Protecting high-altitude monitoring equipment from lightning strikes
High-altitude environmental monitoring stations are often in very exposed places, putting them at risk from lightning strike. Lightning strikes can damage equipment and cause data loss. At Rose Ridge, 2000 m above sea level in Mt Cook National Park, we have installed a lightning protection system with our monitoring station.
Assessing the risk
Lightning strikes happen far more often than many appreciate, with most events going unnoticed.
The New Zealand Meteorological Service (NZMS) operates a Lightning Detection Network that records the location and magnitude of lightning strikes throughout New Zealand. The number of strikes can vary greatly from year to year and between regions. The NZMS can generate a lightning map centred on any chosen location.
Most lightning strikes are cloud-to-cloud, but on average one in ten discharges to ground. These are the strikes that can damage nearby unprotected electronic equipment.
Many NIWA monitoring sites are in remote locations, often only accessible by helicopter, so site visits can be costly. Lightning-damaged equipment will also inevitably result in gaps in the data record.
The lightning protection equipment
The Rose Ridge monitoring station lightning protection system captures lightning strikes, conveys the energy to ground and dissipates it in the grounding system.
The lightning protection system comprises (top to bottom):
- dynasphere air terminal
- down conductor
- lightning event counter
- grounding system.
The dynasphere air terminal is mounted on an insulated mast and is the highest point on the tower. It provides a target for lightning discharges that might otherwise strike, and damage, the instruments. But the dynasphere is no passive lightning rod – it dynamically initiates an upward streamer during thunderstorm conditions to capture the lightning discharge.The discharge current is safely conveyed to ground through a specially designed insulated down-conductor that contains the lightning’s energy within the cable as it flows to ground, within a few millionths of a second.
A lightning event counter, installed on the down-conductor, automatically records lightning strikes.
To provide effective grounding in the rocky alpine environment the lower end of the down-conductor is terminated with copper ribbon. We fanned this ribbon out into trenches and crevices that we then filled with a special ground enhancement material (GEM). This is electrically-conducting cement that improves the transfer of lightning energy into the ground where it dissipates safely.
We also provided secondary protection – while the primary protection system safely deals with the bulk of the energy from a lightning strike, smaller but still damaging amounts of energy can enter via signal cables.
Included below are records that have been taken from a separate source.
Lemma integral_oneBTbR_staircase_le i delta M : (0 < delta)%R ->
  \int[P]_x ((1 - TbR i x) * staircase delta M (F i x))%:E <= (gamma + delta)%:E.
Proof.
move=> delta_gt0; rewrite integral_oneBTbR_staircase; last exact: ltW.
have -> : (gamma + delta)%:E = \int[P]_x (gamma + delta)%:E.
  by rewrite integral_cst // [X in _ * X]probability_setT mule1.
apply: ge0_le_integral_nonmeasurable => x.
  by rewrite lee_fin mulr_ge0 ?oneBpF_ge0 ?staircase_ge0 ?ltW.
have /andP[_ stair_le] := staircase_bounds M (F_ge0 i x) delta_gt0.
rewrite lee_fin (le_trans (ler_wpM2l (oneBpF_ge0 i x) stair_le)) // mulrDr.
apply: lerD; first exact: bern_prob_complM_le.
by rewrite ler_piMl ?(ltW delta_gt0) // lerBlDr lerDl bern_prob_ge0.
Qed.

(* The conditional law of T_i is only available on the sets {F_i >= c}, so
   F_i is approximated by staircases built from them; a simple minorant of
   (1 - T_i) F_i is bounded, hence dominated by a finite staircase. *)
Lemma integral_oneBTbR_F_le i : \int[P]_x ((1 - TbR i x) * F i x)%:E <= gamma%:E.
Proof.
rewrite ge0_integralTE; last by move=> x; rewrite lee_fin mulr_ge0 ?oneBTbR_ge0.
apply: ge_ereal_sup => _ [h h_le <-]; rewrite -integralT_nnsfun.
have [c h_le_c] := finite_range_ub (fimfunP h).
apply/lee_addgt0Pr => delta delta_gt0; rewrite -EFinD.
pose M := Num.bound (Num.max c 0 / delta)%R.
have c_le_M : (c <= M%:R * delta)%R.
  rewrite -ler_pdivrMr //; apply: ltW; apply: le_lt_trans (archi_boundP _).
    by rewrite ler_pM2r ?invr_gt0 // le_max lexx.
  by apply: divr_ge0; [rewrite le_max lexx orbT | exact: ltW].
apply: le_trans _ (integral_oneBTbR_staircase_le i delta M delta_gt0).
apply: ge0_le_integral_nonmeasurable => x; first by rewrite lee_fin fun_ge0.
move: (h_le x); rewrite /= !lee_fin /TbR; case: (Tb i x) => /=.
  by rewrite subrr !mul0r.
rewrite subr0 !mul1r => h_le_F.
have /andP[stair_ge _] := staircase_bounds M (F_ge0 i x) delta_gt0.
by apply: le_trans stair_ge; rewrite le_min h_le_F (le_trans (h_le_c x)).
Qed.

Lemma etilde_ge0 i x : (0 <= etilde i x)%R.
Proof.
apply: addr_ge0; first by rewrite mulr_ge0 ?oneBTbR_ge0.
by rewrite !mulr_ge0 ?subr_ge0 ?TbR_ge0.
Qed.

Lemma measurable_etilde i : measurable_fun setT (etilde i).
Proof.
apply: measurable_funD; apply: measurable_funM => //.
- exact: measurable_funB (measurable_cst _) (measurable_TbR i).
- exact: measurable_funM (measurable_TbR i) (measurable_cst _).
Qed.

Lemma integral_etilde_le1 i : \int[P]_x (E i x)%:E <= 1 ->
  \int[P]_x (etilde i x)%:E <= 1.
Proof.
move=> E_le1.
have TbE_ge0 x : (0 <= TbR i x * (1 - gamma) * E i x)%R.
  by rewrite !mulr_ge0 ?subr_ge0 ?TbR_ge0.
have TbE_le : \int[P]_x (TbR i x * (1 - gamma) * E i x)%:E <= (1 - gamma)%:E.
  apply: le_trans (_ : \int[P]_x ((1 - gamma)%:E * (E i x)%:E) <= _).
    apply: ge0_le_integral_nonmeasurable => x; first by rewrite lee_fin.
    rewrite -EFinM lee_fin ler_wpM2r // /TbR.
    by case: (Tb i x); rewrite ?mul1r ?mul0r ?subr_ge0.
  rewrite ge0_integralZl_EFin ?subr_ge0 //.
  - by rewrite -[leRHS]mule1 lee_wpmul2l // lee_fin subr_ge0.
  - by move=> x _; rewrite lee_fin.
  - exact/measurable_EFinP.
rewrite /etilde; under eq_integral do rewrite EFinD.
rewrite ge0_integralD //.
- apply: le_trans (leeD (integral_oneBTbR_F_le i) TbE_le) _.
  by rewrite -EFinD addrC subrK.
- by move=> x _; rewrite lee_fin mulr_ge0 ?oneBTbR_ge0.
- apply/measurable_EFinP; apply: measurable_funM (mF i).
  exact: measurable_funB (measurable_cst _) (measurable_TbR i).
- by move=> x _; rewrite lee_fin.
- apply/measurable_EFinP; apply: measurable_funM (mE i).
  exact: measurable_funM (measurable_TbR i) (measurable_cst _).
Qed.

Lemma integral_sum_etilde_le {N : {set 'I_K}} :
  (forall i, i \in N -> \int[P]_x (E i x)%:E <= 1) ->
  \int[P]_x (\sum_(i in N) etilde i x)%:E <= #|N|%:R%:E.
Proof.
move=> E_le1; under eq_integral do rewrite -big_enum -sumEFin.
rewrite ge0_integral_sum //; last 2 first.
- by move=> i; apply/measurable_EFinP; exact: measurable_etilde.
- by move=> i x _; rewrite lee_fin etilde_ge0.
have -> : (#|N|%:R = \sum_(i <- enum N) 1 :> R)%R by rewrite big_enum sumr_const.
rewrite -sumEFin big_seq [leRHS]big_seq; apply: lee_sum => i; rewrite mem_enum => /E_le1.
exact: integral_etilde_le1.
Qed.

End ActiveEValues.

Arguments etilde {d T R K} gamma F E Tb i x.

Theorem theorem2 (d : measure_display) (T : measurableType d) (R : realType)
  (P : probability T R) (K : nat) (alpha gamma : R)
  (F E : 'I_K -> T -> R) (Tb : 'I_K -> T -> bool) (N : {set 'I_K}) :
  (0 < K)%N ->
  0 < alpha -> alpha <= 1 ->
  0 < gamma -> gamma <= 1 ->
  (forall i, measurable_fun setT (F i)) ->
  (forall i, measurable_fun setT (E i)) ->
  (forall i x, 0 <= F i x) ->
  (forall i x, 0 <= E i x) ->
  (forall i, i \in N -> (\int[P]_x (E i x)%:E <= 1)%E) ->
  (forall i, measurable [set x | Tb i x]) ->
  (* conditionally on sigma(F_j, E_j : j), T_i ~ Bern((1 - gamma F_i^{-1})_+) *)
  (forall i A, gen_FE F E A ->
     P (A `&` [set x | Tb i x]) = (\int[P]_(x in A) (bern_prob gamma (F i x))%:E)%E) ->
  let Et := fun x i => (1 - (Tb i x)%:R) * F i x + (Tb i x)%:R * (1 - gamma) * E i x in
  (\int[P]_x (fdp N (ebh alpha (Et x)))%:E <= alpha%:E)%E.
Proof.
move=> K_gt0 alpha_gt0 alpha_le1 gamma_gt0 gamma_le1 mF mE F_ge0 E_ge0 E_null mTb Tb_cond.
change (\int[P]_x (fdp N (ebh alpha (etilde gamma F E Tb ^~ x)))%:E <= alpha%:E)%E.
have fdp_le x : ((fdp N (ebh alpha (etilde gamma F E Tb ^~ x)))%:E <=
    (alpha / K%:R * \sum_(j in N) etilde gamma F E Tb j x)%:E)%E.
  by rewrite lee_fin fdp_ebh_le // => j; exact: etilde_ge0.
apply: le_trans (ge0_le_integral_nonmeasurable _ fdp_le) _.
  by move=> x; rewrite lee_fin /fdp divr_ge0 ?ler0n.
have c_ge0 : 0 <= alpha / K%:R by rewrite divr_ge0 ?ler0n ?ltW.
under eq_integral do rewrite EFinM.
rewrite ge0_integralZl_EFin //; first last.
- apply/measurable_EFinP; under eq_fun do rewrite -big_enum.
  apply: measurable_sum => j.
  exact: measurable_etilde mF mE mTb j.
- by move=> x _; rewrite lee_fin sumr_ge0 // => j _; exact: etilde_ge0.
have sum_le :=
  integral_sum_etilde_le gamma_gt0 gamma_le1 mF mE F_ge0 E_ge0 mTb Tb_cond E_null.
apply: le_trans (lee_wpmul2l _ sum_le) _; first by rewrite lee_fin.
rewrite -EFinM lee_fin mulrAC ler_pdivrMr ?ltr0n // ler_wpM2l ?(ltW alpha_gt0) //.
by rewrite ler_nat -[X in (_ <= X)%N]card_ord max_card.
Qed.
To prevent this, we fitted electronic transient suppression devices to protect the electrical inputs of the monitoring instruments.
Lightning does strike twice
To assess the success of the lightning protection system, we had to be sure that there had been at least one direct lightning strike, and that there had not been any consequent damage. We installed a lightning event counter to record and provide evidence of direct lightning strikes.
Over the first five year period we recorded two direct strikes with no equipment damage.